SOURCE INFORMATION:
(* Let $I=\{a,b\}$ with positive integers $a<b$. The sequence $(C_0(I),\ldots,C_{s(I)}(I))$ of Naruse-Newton coefficients of $I$ is log-concave if and only if $I$ is one of $\{1,2\}$, $\{1,3\}$, $\{2,3\}$, $\{2,4\}$.
   Context: Partitions are drawn as Young diagrams $\mathbb{D}(\lambda)$ in English notation; $c_{i,j}$ is the cell in row $i$, column $j$. The hook length $h_\lambda(c)$ is the number of cells of $\mathbb{D}(\lambda)$ weakly right of $c$ in its row or weakly below $c$ in its column (counting $c$ once). For $\mu\subseteq\lambda$, an excited diagram of $\lambda/\mu$ is a subset of $\mathbb{D}(\lambda)$ obtained from $\mathbb{D}(\mu)$ by repeatedly replacing a cell $c_{i,j}\in D$ by $c_{i+1,j+1}$, allowed iff $c_{i+1,j+1}\in\mathbb{D}(\lambda)$ and none of $c_{i,j+1},c_{i+1,j},c_{i+1,j+1}$ lies in $D$; $\mathbb{E}(\lambda/\mu)$ is their set. A ribbon with $n$ cells is read from its lower-left to its upper-right cell, each successive cell directly right of or directly above the previous; it corresponds to the set of $i\in\{1,\ldots,n-1\}$ with cell $i$ directly below cell $i+1$. A descent set is a non-empty finite set $I$ of positive integers; $\lambda^I$ is the unique partition with $\lambda^I_1=\lambda^I_2$ such that the cells $c_{i,j}\in\mathbb{D}(\lambda^I)$ with fewer than three of $c_{i,j+1},c_{i+1,j},c_{i+1,j+1}$ in $\mathbb{D}(\lambda^I)$ form a ribbon corresponding to $I$; this ribbon is $\mathbb{D}(\lambda^I)\setminus\mathbb{D}(\mu^I)$ for a partition $\mu^I$. Let $s(I)=\lambda^I_1-1$. Naruse-Newton coefficients: every excited diagram of $\lambda^I/\mu^I$ meets row 1 in $\{c_{1,1},\ldots,c_{1,r}\}$, $0\le r\le s$; for $0\le j\le s(I)$, $C_j(I)=\sum_D\prod_{c\in D,\,c\notin\text{row }1}h_{\lambda^I}(c)$, summed over $D\in\mathbb{E}(\lambda^I/\mu^I)$ with exactly $s-j$ cells in row 1. A sequence $(x_k)_{k=0}^m$ is log-concave if $x_k^2\ge x_{k-1}x_{k+1}$ for all $0<k<m$. *)

From mathcomp Require Import all_boot.
Set Implicit Arguments. Unset Strict Implicit. Unset Printing Implicit Defensive.

(* Partitions are sequences of parts  lam = [:: lam_1; lam_2; ...]  (weakly
   decreasing; trailing zeros are harmless).  Cells are 1-indexed pairs
   (row, column), c_{i,j}.  lam_i = nth 0 lam i.-1 (0 beyond the length). *)

Definition in_diag (lam : seq nat) (i j : nat) : bool :=
  [&& 1 <= i, 1 <= j & j <= nth 0 lam i.-1].

(* We work inside the finite type of cells 'I_N * 'I_N; N is taken large
   enough (see [bnd] below) that every cell of D(lam) is represented. *)
Definition diagram (N : nat) (lam : seq nat) : {set 'I_N * 'I_N} :=
  [set c : 'I_N * 'I_N | in_diag lam c.1 c.2].

Definition hook (N : nat) (lam : seq nat) (c : 'I_N * 'I_N) : nat :=
  #|[set d : 'I_N * 'I_N in @diagram N lam |
       ((d.1 == c.1) && (c.2 <= d.2)) || ((d.2 == c.2) && (c.1 <= d.1))]|.

Definition excite_step (N : nat) (lam : seq nat) (D D' : {set 'I_N * 'I_N}) : bool :=
  [exists c in D, exists c' : 'I_N * 'I_N,
     [&& (c'.1 : nat) == c.1.+1, (c'.2 : nat) == c.2.+1, c' \in @diagram N lam,
         [forall d in D,
            ~~ [|| ((d.1 : nat) == c.1) && ((d.2 : nat) == c.2.+1),
                   ((d.1 : nat) == c.1.+1) && ((d.2 : nat) == c.2) | d == c']]
       & D' == c' |: (D :\ c)]].

Definition excited (N : nat) (lam mu : seq nat) (D : {set 'I_N * 'I_N}) : bool :=
  connect (@excite_step N lam) (@diagram N mu) D.

(* Descent sets: a non-empty finite set I = {i_1 < ... < i_k} of positive
   integers, represented by the strictly increasing list [:: i_1; ...; i_k].
   The ribbon has n = i_k + 1 cells; with i_0 := 0 and i_{k+1} := i_k + 1,
   row k+1-j (j = 0..k) of D(lam^I) contains ribbon cells i_j+1 .. i_{j+1},
   in columns i_j - j + 1 .. i_{j+1} - j.  Hence
     lam^I_{k+1-j} = i_{j+1} - j      and      mu^I_{k+1-j} = i_j - j. *)
Definition desc_idx (I : seq nat) (j : nat) : nat :=
  if j == 0 then 0 else if j <= size I then nth 0 I j.-1 else (last 0 I).+1.

Definition lamI (I : seq nat) : seq nat :=
  let k := size I in
  [seq desc_idx I (k.+2 - r) - (k.+1 - r) | r <- iota 1 k.+1].

Definition muI (I : seq nat) : seq nat :=
  let k := size I in
  [seq desc_idx I (k.+1 - r) - (k.+1 - r) | r <- iota 1 k.+1].

Definition sI (I : seq nat) : nat := (head 0 (lamI I)).-1.

Definition bnd (lam : seq nat) : nat := (size lam + head 0 lam).+1.

Definition NN_coeff_gen (N : nat) (lam mu : seq nat) (s j : nat) : nat :=
  \sum_(D : {set 'I_N * 'I_N} |
          @excited N lam mu D && (#|[set c : 'I_N * 'I_N in D | (c.1 : nat) == 1]| == s - j))
     \prod_(c in D | (c.1 : nat) != 1) @hook N lam c.

Definition NN_coeff (I : seq nat) (j : nat) : nat :=
  NN_coeff_gen (bnd (lamI I)) (lamI I) (muI I) (sI I) j.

AIM OF THE EXERCISE:
In the listing above, the lines from the one containing "Definition in_diag (lam" through the one containing "[set c : 'I_N * 'I_N |" must be set down exactly, with no other lines.

ANSWER BELOW:
Definition in_diag (lam : seq nat) (i j : nat) : bool :=
  [&& 1 <= i, 1 <= j & j <= nth 0 lam i.-1].

(* We work inside the finite type of cells 'I_N * 'I_N; N is taken large
   enough (see [bnd] below) that every cell of D(lam) is represented. *)
Definition diagram (N : nat) (lam : seq nat) : {set 'I_N * 'I_N} :=
  [set c : 'I_N * 'I_N | in_diag lam c.1 c.2].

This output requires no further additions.